Box 2: Categorizing enemy-risk effects
The term NCE is frequently used to describe processes at three levels: the enemy-induced trait response (e.g., increased refuge use), the consequences for the individual prey/host (e.g., reduced growth rate), or the consequences at the prey/host population level (e.g., increased emigration). Referring to all three levels as NCEs reduces the important distinctions between them, so we advocate for a more explicit framework (Fig. 1), and clearer terminology (also see Peacor et al. 2020). We will use the terms enemy-risk effect to refer to the overall process, enemy-induced trait response to refer to the mechanism of response, NCE to refer to fitness/population consequences, and trait-mediated indirect effect to refer to effects cascading to trophic levels below the prey/host. A complementary way of conceptualizing enemy-risk effects is to take a more phenomenological approach, focusing on aspects of a pest population: its per-capita impact, abundance, and distribution (box shading in Fig. 1).
Behavioral shifts are a commonly studied trait responses in arthropods, and are generally the most rapid and reversible. Examples include changes in time spent feeding (Thaler & Griffin 2008; Jandricic et al. 2016; Ingerslew & Finke 2017), food source (Schmitz et al. 1997), microhabitat and refuge use (Lucas et al. 2000; Lawson-Balagbo et al. 2007; Penfold et al. 2017), oviposition rate (Deas & Hunter 2013; Hermann & Thaler 2018), oviposition site selection (Angelon & Petranka 2002; Vonesh & Blaustein 2010; Silberbush & Blaustein 2011), short-distance escape (Tamaki et al. 1970; Nelson 2007; Fill et al. 2012), and dispersal (Höller et al. 1994; Henry et al. 2010; Otsuki & Yano 2014b; Welch & Harwood 2014).

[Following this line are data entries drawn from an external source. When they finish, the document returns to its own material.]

(* Let $\mathcal{C}$ be a d-category. A $\mathcal{C}$-language $L$ is regular if and only if (1) the sets $\mathrm{src}(L)$ and $\mathrm{tgt}(L)$ are finite, and (2) ${}_UL_V$ is regular for all $U\in\mathrm{src}(L)$ and $V\in\mathrm{tgt}(L)$.
   Context: A d-category is a small category $\mathcal{C}$ with wide subcategories $\mathcal{C}^+$ (formorphisms) and $\mathcal{C}^-$ (backmorphisms) such that an invertible $\varphi$ is in $\mathcal{C}^+$ iff $\varphi^{-1}\in\mathcal{C}^-$. A $\mathcal{C}$-automaton is a presheaf $X:\mathcal{C}^{op}\to\mathbf{Set}$ with sets of start and accept elements (elements are pairs $(U,x)$, $x\in X[U]$); morphisms preserve them. A linear category is a bipointed d-category isomorphic to a finite (possibly empty) concatenation (gluing $\top$ to $\bot$) of $\mathbf S$ (formorphism $\bot\to\top$), $\mathbf T$ (backmorphism $\top\to\bot$), $\mathbf I$ (inverse pair); a path is a d-functor $\omega:\mathcal I\to\mathcal{C}$ from one; its track object is $\operatorname{colim}_i\mathcal{C}(-,\omega(i))$ with single start element image of $\mathrm{id}_{\omega(\bot)}$ (lying over $\mathrm{src}=\omega(\bot)$) and single accept element image of $\mathrm{id}_{\omega(\top)}$ (over $\mathrm{tgt}=\omega(\top)$); track objects are automata isomorphic to such. $\Delta\sqsubseteq\Gamma$ if there is an automaton morphism $\Delta\to\Gamma$. A $\mathcal{C}$-language is a class of track objects down-closed under $\sqsubseteq$. $\mathrm{Lang}(X)$ is the class of track objects admitting an automaton morphism to $X$. A presheaf $X$ is finitely generated if $X\cong\operatorname{colim}_{e\in\mathcal{E}}\mathcal{C}(-,G(e))$ for some finite category $\mathcal{E}$ and functor $G:\mathcal{E}\to\mathcal{C}$; an automaton has finite type if its presheaf is finitely generated and it has finitely many start and accept elements. $L$ is regular if $L=\mathrm{Lang}(X)$ for some finite-type automaton $X$. $\mathrm{src}(L)=\{\mathrm{src}\Gamma\mid\Gamma\in L\}$, $\mathrm{tgt}(L)=\{\mathrm{tgt}\Gamma\mid\Gamma\in L\}$, ${}_UL_V=\{\Gamma\in L\mid\mathrm{src}\Gamma=U,\mathrm{tgt}\Gamma=V\}$. *)

From Stdlib Require Import List Relations.

Record Category := {
  ob : Type;
  hom : ob -> ob -> Type;
  idm : forall a, hom a a;
  comp : forall x y z, hom y z -> hom x y -> hom x z;
  comp_id_l : forall a b (f : hom a b), comp a b b (idm b) f = f;
  comp_id_r : forall a b (f : hom a b), comp a a b f (idm a) = f;
  comp_assoc : forall a b c d (f : hom a b) (g : hom b c) (h : hom c d),
      comp a c d h (comp a b c g f) = comp a b d (comp b c d h g) f }.
Arguments hom {_} _ _.
Arguments idm {_} _.
Arguments comp {_ x y z} _ _.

Physiological shifts can be direct responses to risk, but they are often consequences of behavioral shifts. For example, a reduction in individual growth rate (physiological) is often a result of reduced foraging effort (behavioral). This can make physiological shifts difficult to categorize within the framework shown in Fig. 1. Examples include changes in growth rate (Kaplan et al. 2014), development time (Bellamy & Alto 2018), and assimilation efficiency (Thaler et al. 2014).
Morphological shifts are generally slower to appear and more difficult to reverse than behavioral or even physiological shifts. They have been less described in terrestrial arthropods, but thoroughly studied in systems such as Daphnia pulex, where predator cues trigger production of carapace protrusions that decrease vulnerability to predation (Havel & Dodson 1984; Tollrian 1995; Rabus & Laforsch 2011). Life history shifts frequently occur over a long timescale and are irreversible for an individual prey/host. They include changes in timing of reproduction or metamorphosis (Ims 1990; Benard 2004; Relyea 2007), quality and quantity of offspring produced (Mappes et al. 1997), and production of winged morphs (Sloggett & Weisser 2002; Kunert & Weisser 2003).
Trait responses carry costs for individuals, and we can categorize NCEs based on these costs. These costs are ultimately tied to individual fitness, including reduced fecundity (Mappes et al. 1997) and reduced survival (Walzer & Schausberger 2009).
Both responses and consequences at the individual level can cascade to affect the entire prey/host population. Finally, community-level impacts include both trait-mediated indirect effects, wherein an NCE reduces the prey population such that they have a smaller effect on a lower trophic level, and interaction modifications, wherein a trait response causes an existing interaction with another species to change. As seen in Fig. 1, these community effects can occur via different pathways that may not be captured equally in all studies.